→ WHAT NEEDS TO BE DONE
Each of the following records is to be printed verbatim.

→ RECORDS TO USE
Lemma tlink_eq_swap2 rho n y : 2 <= rho -> 2 <= n ->
  tlink_eq [:: (2, y); (n, rho)] [:: (2, y); (rho, n)].
Proof.
wlog le_rn : rho n / rho <= n.
  move=> W h1 h2; case: (leqP rho n) => h; first exact: W.
  by apply: ce_sym; apply: W => //; exact: ltnW.
move=> h1 h2; rewrite /tlink_eq /tword /tstrands /= !cats0.
have -> : seg 1 2 = [:: sig 1] by rewrite seg_up.
have := @closure_seg1_pow rho rho (n - rho) (wpow [:: sig 1] y) _ _.
rewrite subnKC // => H; apply: ce_trans (H _ _) _; try valid_tac; first lia.
apply: (ce_trans (n' := rho) (w' := wpow [:: sig 1] y ++ wpow (seg rho 1) n)).
  apply: ce_braid; try valid_tac; apply: braid_eq_catl.
  rewrite -{2}(subnK le_rn) wpowD; apply: braid_eq_catl; apply: full_twist; lia.
apply: (ce_trans (closure_eq_flip _ _)); first lia.
  by rewrite pos_word_cat !pos_word_wpow ?pos_word_seg ?pos_word_sig //; lia.
rewrite map_cat !map_wpow map_flip_segN1; last lia.
apply: (@closure_eq_sig_pow_1 rho y n (rho - 1)); lia.
Qed.

Lemma tlink_eq_torus m n y : 2 <= m < n -> n %% m = 0 ->
  tlink_eq [:: (m, y); (n, m)] [:: (m, n + y)].
Proof.
case/andP=> h1 h2 hmod; have /dvdnP [q hn] : m %| n by apply/eqP.
rewrite /tlink_eq /tstrands /=.
apply: ce_trans (@closure_eq_tword2 m m n y _ _) _; try (apply/andP; split); try lia.
rewrite /tword /= cats0; apply: ce_braid; try valid_tac.
have e : n - m = m * q.-1 by rewrite hn mulnC -subn1 mulnBr muln1.
rewrite (_ : n + y = (n - m) + (m + y)); last lia.
rewrite !wpowD; apply: braid_eq_catr.
rewrite e !wpowM; apply: braid_eq_wpow; apply: braid_eq_sym; apply: full_twist; lia.
Qed.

→ ANSWER TO THIS PROBLEM
Lemma tlink_eq_swap2 rho n y : 2 <= rho -> 2 <= n ->
  tlink_eq [:: (2, y); (n, rho)] [:: (2, y); (rho, n)].
Proof.
wlog le_rn : rho n / rho <= n.
  move=> W h1 h2; case: (leqP rho n) => h; first exact: W.
  by apply: ce_sym; apply: W => //; exact: ltnW.
move=> h1 h2; rewrite /tlink_eq /tword /tstrands /= !cats0.
have -> : seg 1 2 = [:: sig 1] by rewrite seg_up.
have := @closure_seg1_pow rho rho (n - rho) (wpow [:: sig 1] y) _ _.
rewrite subnKC // => H; apply: ce_trans (H _ _) _; try valid_tac; first lia.
apply: (ce_trans (n' := rho) (w' := wpow [:: sig 1] y ++ wpow (seg rho 1) n)).
  apply: ce_braid; try valid_tac; apply: braid_eq_catl.
  rewrite -{2}(subnK le_rn) wpowD; apply: braid_eq_catl; apply: full_twist; lia.
apply: (ce_trans (closure_eq_flip _ _)); first lia.
  by rewrite pos_word_cat !pos_word_wpow ?pos_word_seg ?pos_word_sig //; lia.
rewrite map_cat !map_wpow map_flip_segN1; last lia.
apply: (@closure_eq_sig_pow_1 rho y n (rho - 1)); lia.
Qed.

Lemma tlink_eq_torus m n y : 2 <= m < n -> n %% m = 0 ->
  tlink_eq [:: (m, y); (n, m)] [:: (m, n + y)].
Proof.
case/andP=> h1 h2 hmod; have /dvdnP [q hn] : m %| n by apply/eqP.
rewrite /tlink_eq /tstrands /=.
apply: ce_trans (@closure_eq_tword2 m m n y _ _) _; try (apply/andP; split); try lia.
rewrite /tword /= cats0; apply: ce_braid; try valid_tac.
have e : n - m = m * q.-1 by rewrite hn mulnC -subn1 mulnBr muln1.
rewrite (_ : n + y = (n - m) + (m + y)); last lia.
rewrite !wpowD; apply: braid_eq_catr.
rewrite e !wpowM; apply: braid_eq_wpow; apply: braid_eq_sym; apply: full_twist; lia.
Qed.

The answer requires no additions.